Although Smith’s boutique is up and running again, she learned this month that the floor may need to be completely replaced — potentially costing $30,000 on top of the thousands caused by surface water damage, she said.
During her search for other lifelines, the Federal Emergency Management Agency directed her to apply for an economic disaster loan, or “EIDL,” which provides eligible businesses with up to $2 million in working capital after catastrophic events , plus one year of deferred payments. But Smith said she is still paying back the previous EIDL debt she accrued during the pandemic.
“I can’t. It just doesn’t work for me,” she said. “Fingers crossed it’ll be fine.”
Isaac Herrin, also in Bryson City, faced a similar dilemma when Helene destroyed over $20,000 worth of inventory at his retail store, Selah Collection. Herrin, who rents the space, said he was paying for business contents insurance, a type of coverage that repairs or replaces assets. But he said his request was denied because the store owner did not have flood insurance.
“I went back and tried to argue” with the carrier, he said. “This is more than a flood – we got hit with a hurricane in the mountains!”

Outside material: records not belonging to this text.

(* For any valid scheme (satisfying (C1)–(C8)) with $N\ge1$, $K\ge2$, and any $k\in\{2,\dots,K\}$, letting $\mathcal{R}_U'$ be the user-side common randomness provided by the user privacy constraint (C6) for the message indices $k-1$ and $k$, \[ I\big(W_{k:K};Q_{1:N}^{[k-1,\mathcal{R}_U]},A_{1:N}^{[k-1,\mathcal{R}_U]},\mathcal{R}_S\,\big|\,W_{1:k-1}\big)\ \ge\ \frac1N\, I\big(W_{k+1:K};Q_{1:N}^{[k,\mathcal{R}_U']},A_{1:N}^{[k,\mathcal{R}_U']},\mathcal{R}_S\,\big|\,W_{1:k}\big)+\frac{L}{N}, \] where $W_{K+1:K}$ is empty (so the mutual information term is $0$ when $k=K$).
   Context: Model (SPIR with user-side common randomness). There are $N\ge1$ non-colluding databases, each storing the same $K\ge2$ messages $W_1,\dots,W_K$. Each message consists of $L$ i.i.d. symbols uniform over a sufficiently large finite field $\mathbb{F}_q$; entropies are in $q$-ary units, so $H(W_k)=L$ and $H(W_{1:K})=KL$. The databases share server-side common randomness $\mathcal{R}_S$, unknown to the user. The user holds user-side common randomness $\mathcal{R}_U$, a subset of the components of $\mathcal{R}_S$, unknown to the databases except for its size (uniform over subsets of given cardinality). $\mathcal{F}$ is the user's retrieval-strategy randomness. To retrieve $W_k$ the user sends $Q_n^{[k,\mathcal{R}_U]}$ to database $n$, receiving $A_n^{[k,\mathcal{R}_U]}$; $W_{\bar k}=\{W_j:j\ne k\}$. A valid scheme satisfies for all $k,n,\mathcal{R}_U$: (C1) $I(W_{1:K};k,\mathcal{F},\mathcal{R}_S,\mathcal{R}_U)=0$; (C2) $I(Q_{1:N}^{[k,\mathcal{R}_U]};W_{1:K},\mathcal{R}_S\setminus\mathcal{R}_U)=0$; (C3) $H(Q_{1:N}^{[k,\mathcal{R}_U]}\mid\mathcal{F})=0$; (C4) $H(A_n^{[k,\mathcal{R}_U]}\mid Q_n^{[k,\mathcal{R}_U]},W_{1:K},\mathcal{R}_S)=0$; (C5) $H(W_k\mid\mathcal{F},A_{1:N}^{[k,\mathcal{R}_U]},\mathcal{R}_U)=0$; (C6) user privacy: for all $k,k',n,\mathcal{R}_U$ there is $\mathcal{R}_U'$ with $H(\mathcal{R}_U')=H(\mathcal{R}_U)$ and $(Q_n^{[k,\mathcal{R}_U]},A_n^{[k,\mathcal{R}_U]},W_{1:K},\mathcal{R}_S)\sim(Q_n^{[k',\mathcal{R}_U']},A_n^{[k',\mathcal{R}_U']},W_{1:K},\mathcal{R}_S)$; (C7) $I(W_{\bar k};\mathcal{F},A_{1:N}^{[k,\mathcal{R}_U]},\mathcal{R}_U)=0$; (C8) $I(\mathcal{R}_S\setminus\mathcal{R}_U;\mathcal{F},A_{1:N}^{[k,\mathcal{R}_U]},W_k,\mathcal{R}_U)=0$. *)

From HB Require Import structures.
From mathcomp Require Import all_boot all_order all_algebra all_field.
From mathcomp Require Import reals exp.
Set Implicit Arguments. Unset Strict Implicit. Unset Printing Implicit Defensive.
Import Order.TTheory GRing.Theory Num.Theory.
Local Open Scope ring_scope.
(* Let $G=(V,E)$ with colouring $f$ satisfy $|B|>|R|$. Let $G^a=(V,E^a_0)$ be obtained from $G$ by deleting all edges with both ends red, and $G^r=(V,E^r_0)$ be obtained from $G$ by adding all non-edges with both ends blue. Let $E^a$ be an optimal solution to MIAE on $(G^a,f)$ and $E^r$ an optimal solution to MIRE on $(G^r,f)$, and put $A=E^a\setminus E^a_0$ (added edges) and $D=E^r_0\setminus E^r$ (removed edges). Then $E'=(E\setminus D)\cup A$ is an optimal solution to MIE on $(G,f)$, and the optimal MIE cost on $(G,f)$ equals $|A|+|D|$.
   Context: Graphs are finite, simple and undirected; $B,R$ are the blue and red nodes under $f:V\to\{B,R\}$. A node is under (majority) illusion in $(V,E')$ if it has strictly more red than blue neighbours there. An optimal solution to MIAE on $(H=(V,F_0),f)$ is an edge set $F\supseteq F_0$ with no node under illusion in $(V,F)$ and $|F\setminus F_0|$ minimum; an optimal solution to MIRE is $F\subseteq F_0$ with no node under illusion and $|F_0\setminus F|$ minimum; an optimal solution to MIE is any edge set $F$ on $V$ with no node under illusion and $|F_0\setminus F|+|F\setminus F_0|$ minimum. *)

From mathcomp Require Import all_boot.
Set Implicit Arguments. Unset Strict Implicit. Unset Printing Implicit Defensive.

(* Vertices: a finite type V.  Colouring f : V -> bool, with
   f v = true  <-> v is blue (v in B),  f v = false <-> v is red (v in R).
   An edge set on V is a set of 2-element subsets of V. *)

Definition edge_set (V : finType) (F : {set {set V}}) : Prop :=
  forall e, e \in F -> #|e| = 2.

Definition blue_nb (V : finType) (f : V -> bool) (F : {set {set V}}) (v : V) : nat :=
  #|[set u | ([set u; v] \in F) && f u]|.

Definition red_nb (V : finType) (f : V -> bool) (F : {set {set V}}) (v : V) : nat :=
  #|[set u | ([set u; v] \in F) && ~~ f u]|.

Definition under_illusion (V : finType) (f : V -> bool) (F : {set {set V}}) (v : V) : Prop :=
  blue_nb f F v < red_nb f F v.

Definition no_illusion (V : finType) (f : V -> bool) (F : {set {set V}}) : Prop :=
  forall v, ~ under_illusion f F v.

Definition MIAE_opt (V : finType) (f : V -> bool) (F0 F : {set {set V}}) : Prop :=
  [/\ edge_set F, F0 \subset F, no_illusion f F &
      forall F' : {set {set V}}, edge_set F' -> F0 \subset F' -> no_illusion f F' ->
        #|F :\: F0| <= #|F' :\: F0| ].

Definition MIRE_opt (V : finType) (f : V -> bool) (F0 F : {set {set V}}) : Prop :=
  [/\ F \subset F0, no_illusion f F &
      forall F' : {set {set V}}, F' \subset F0 -> no_illusion f F' ->
        #|F0 :\: F| <= #|F0 :\: F'| ].

Definition MIE_cost (V : finType) (F0 F : {set {set V}}) : nat :=
  #|F0 :\: F| + #|F :\: F0|.

Definition MIE_opt (V : finType) (f : V -> bool) (F0 F : {set {set V}}) : Prop :=
  [/\ edge_set F, no_illusion f F &
      forall F' : {set {set V}}, edge_set F' -> no_illusion f F' ->
        MIE_cost F0 F <= MIE_cost F0 F' ].

Definition del_red_edges (V : finType) (f : V -> bool) (E : {set {set V}}) : {set {set V}} :=
  [set e in E | ~~ [forall x in e, ~~ f x]].

Definition add_blue_edges (V : finType) (f : V -> bool) (E : {set {set V}}) : {set {set V}} :=
  E :|: [set e : {set V} | (#|e| == 2) && [forall x in e, f x]].

From mathcomp Require Import all_boot zify.
Set Implicit Arguments. Unset Strict Implicit. Unset Printing Implicit Defensive.

(* Call a change to E well placed if it deletes a red-red edge or adds a
   blue-blue one.  An illusion-free F can be made well placed without raising
   its cost: undo one misplaced change; if that puts a vertex under illusion,
   repair it with one well-placed change at that vertex (a new blue-blue edge,
   which exists because |B| > |R|, or a deleted red-red edge).  A red vertex
   only sees non-blue pairs and a blue vertex only sees non-red pairs, so for a
   well-placed F the sets F \ E and E \ F are feasible for MIAE on G^a and for
   MIRE on G^r respectively, whence |A| <= |F \ E| and |D| <= |E \ F|.  The
   same argument shows that A consists of blue-blue and D of red-red pairs, so
   (E \ D) u A is illusion-free of cost exactly |A| + |D|. *)

Lemma forall_in_set2 (T : finType) (P : pred T) (a b : T) :
  [forall x in [set a; b], P x] = P a && P b.
Proof.
apply/forall_inP/andP => [H|[Pa Pb] x]; first by split; apply: H; rewrite !inE eqxx ?orbT.
by rewrite !inE => /orP[]/eqP->.
Qed.

Section Illusion.

Variables (V : finType) (f : V -> bool).
Implicit Types (E F : {set {set V}}) (e : {set V}) (P : pred V) (a b u w x y : V).

Definition blue_pair e := [forall x in e, f x].
Definition red_pair e := [forall x in e, ~~ f x].

Lemma blue_pair2 a b : blue_pair [set a; b] = f a && f b.
Proof. exact: forall_in_set2. Qed.

Lemma red_pair2 a b : red_pair [set a; b] = ~~ f a && ~~ f b.
Proof. exact: (forall_in_set2 (fun x => ~~ f x)). Qed.

Lemma blue_pair_not_red e : #|e| = 2 -> blue_pair e -> red_pair e = false.
Proof.
move=> e2 /forall_inP eB; apply/negbTE/forall_inPn.
have /card_gt0P[x xe] : 0 < #|e| by rewrite e2.
by exists x; rewrite ?negbK ?eB.
Qed.

Lemma in_del_red_edges E e : (e \in del_red_edges f E) = (e \in E) && ~~ red_pair e.
Proof. by rewrite inE. Qed.

Lemma in_add_blue_edges E e :
  (e \in add_blue_edges f E) = (e \in E) || (#|e| == 2) && blue_pair e.
Proof. by rewrite !inE. Qed.

Lemma not_under_illusion_mono F F' x :
  (forall y, f y -> [set y; x] \in F -> [set y; x] \in F') ->
  (forall y, ~~ f y -> [set y; x] \in F' -> [set y; x] \in F) ->
  ~ under_illusion f F x -> ~ under_illusion f F' x.
Proof.
move=> sub_blue sub_red free_x ill_x; apply: free_x.
rewrite /under_illusion /blue_nb /red_nb in ill_x *.
apply: (leq_trans _ (leq_trans ill_x _)); first rewrite ltnS.
all: apply/subset_leq_card/subsetP => y; rewrite !inE => /andP[yx fy].
  by rewrite fy sub_blue.
by rewrite fy sub_red.
Qed.

Lemma not_under_illusion_mono_blue F F' x : f x ->
  (forall e, blue_pair e -> e \in F -> e \in F') ->
  (forall e, ~~ blue_pair e -> ~~ red_pair e -> e \in F' -> e \in F) ->
  ~ under_illusion f F x -> ~ under_illusion f F' x.
Proof.
move=> fx sub_blue sub_mixed; apply: not_under_illusion_mono => y fy.
  by apply: sub_blue; rewrite blue_pair2 fy fx.
by apply: sub_mixed; rewrite ?blue_pair2 ?red_pair2 (negbTE fy) fx.
Qed.

Lemma not_under_illusion_mono_red F F' x : ~~ f x ->
  (forall e, ~~ blue_pair e -> ~~ red_pair e -> e \in F -> e \in F') ->
  (forall e, red_pair e -> e \in F' -> e \in F) ->
  ~ under_illusion f F x -> ~ under_illusion f F' x.
Proof.
move=> fx sub_mixed sub_red; apply: not_under_illusion_mono => y fy.
  by apply: sub_mixed; rewrite ?blue_pair2 ?red_pair2 fy (negbTE fx).
by apply: sub_red; rewrite red_pair2 fy fx.
Qed.

Lemma not_under_illusion_no_red_pair F x : ~~ f x ->
  (forall e, e \in F -> ~~ red_pair e) -> ~ under_illusion f F x.
Proof.
move=> fx no_red; rewrite /under_illusion /red_nb.
suff -> : [set u | ([set u; x] \in F) && ~~ f u] = set0 by rewrite cards0.
apply/setP => y; rewrite !inE; apply/andP => -[/no_red].
by rewrite red_pair2 fx andbT => /negP.
Qed.

Lemma not_under_illusion_add_blue_pair F a b x : f a -> f b ->
  ~ under_illusion f F x -> ~ under_illusion f ([set a; b] |: F) x.
Proof.
move=> fa fb; apply: not_under_illusion_mono => y fy; first by rewrite in_setU1 orbC => ->.
rewrite in_setU1 => /orP[/eqP yx_ab|//].
have := set21 y x; rewrite yx_ab in_set2 => /orP[]/eqP ya.
all: by move: fy; rewrite ya ?fa ?fb.
Qed.

Lemma not_under_illusion_del_red_pair F a b x : ~~ f a -> ~~ f b ->
  ~ under_illusion f F x -> ~ under_illusion f (F :\ [set a; b]) x.
Proof.
move=> fa fb; apply: not_under_illusion_mono => y fy; last by rewrite inE => /andP[].
rewrite !inE => ->; rewrite andbT; apply/eqP => yx_ab.
have := set21 y x; rewrite yx_ab in_set2 => /orP[]/eqP ya.
all: by move: fy; rewrite ya ?(negbTE fa) ?(negbTE fb).
Qed.

Lemma not_under_illusion_setU1 F a b x : f a -> x != a ->
  ~ under_illusion f F x -> ~ under_illusion f ([set a; b] |: F) x.
Proof.
move=> fa xa; apply: not_under_illusion_mono => y fy; first by rewrite in_setU1 orbC => ->.
rewrite in_setU1 => /orP[/eqP yx_ab|//].
have := set21 a b; rewrite -yx_ab in_set2 [a == x]eq_sym (negbTE xa) orbF => /eqP ay.
by move: fy; rewrite -ay fa.
Qed.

Before Helene ravaged the region, insurers viewed western North Carolina as relatively low risk. Then, a Reuters analysis of federal data found that only 1 in 200 single-family homes in the inland area were covered by the National Flood Insurance Program, despite its proximity to the Tuckasegee River, which is becoming more prone to flooding as rain storms increase more frequently.
At least a quarter of flood claims come from undesignated flood zones, said Janet Ruiz, a spokeswoman for the Insurance Information Institute, an industry group. Extreme winter weather increases that number, too—frozen ground doesn’t absorb water, increasing the chance of flash floods.
“Hurricane areas are only a small part of the flood,” she said.
Heller said small business owners need a comprehensive federal alternative to the piecemeal options currently out there. The NFIP, which covers commercial buildings and property up to $500,000 per policy type, has come under scrutiny recently. Like California’s FAIR program, it has been crippled by increasingly volatile weather. It currently owes the US government more than $20 billion and is exceeding its $30 billion borrowing limit. Its coverage also does not include financial losses caused by business interruption.
Project 2025, the Republican policy plan President-elect Donald Trump has denied despite his transition team using the initiative for personnel purposes, recommends privatizing the NFIP, putting advocates on the lookout as Trump takes office on Monday. A spokesman for the Trump transition team did not immediately respond to a request for comment.
Heller pointed to the Insurance Act, a bill introduced by Rep. Adam Schiff, D-Calif., last year as a model that would effectively insure insurers by incentivizing them to take on more risk and preventing them from pulling out of disaster-prone areas. The bill has seen little movement in Congress, however, and is not expected to gain traction amid the upcoming power change in Washington.
“We need to make sure that the government is working for businesses by making sure that those products are real, good quality and reasonably priced so that [insurers] can take on that risk,” Heller said. As limited as oversight of the homeowners insurance market is by the regulators who are supposed to protect us, the less it is for businesses.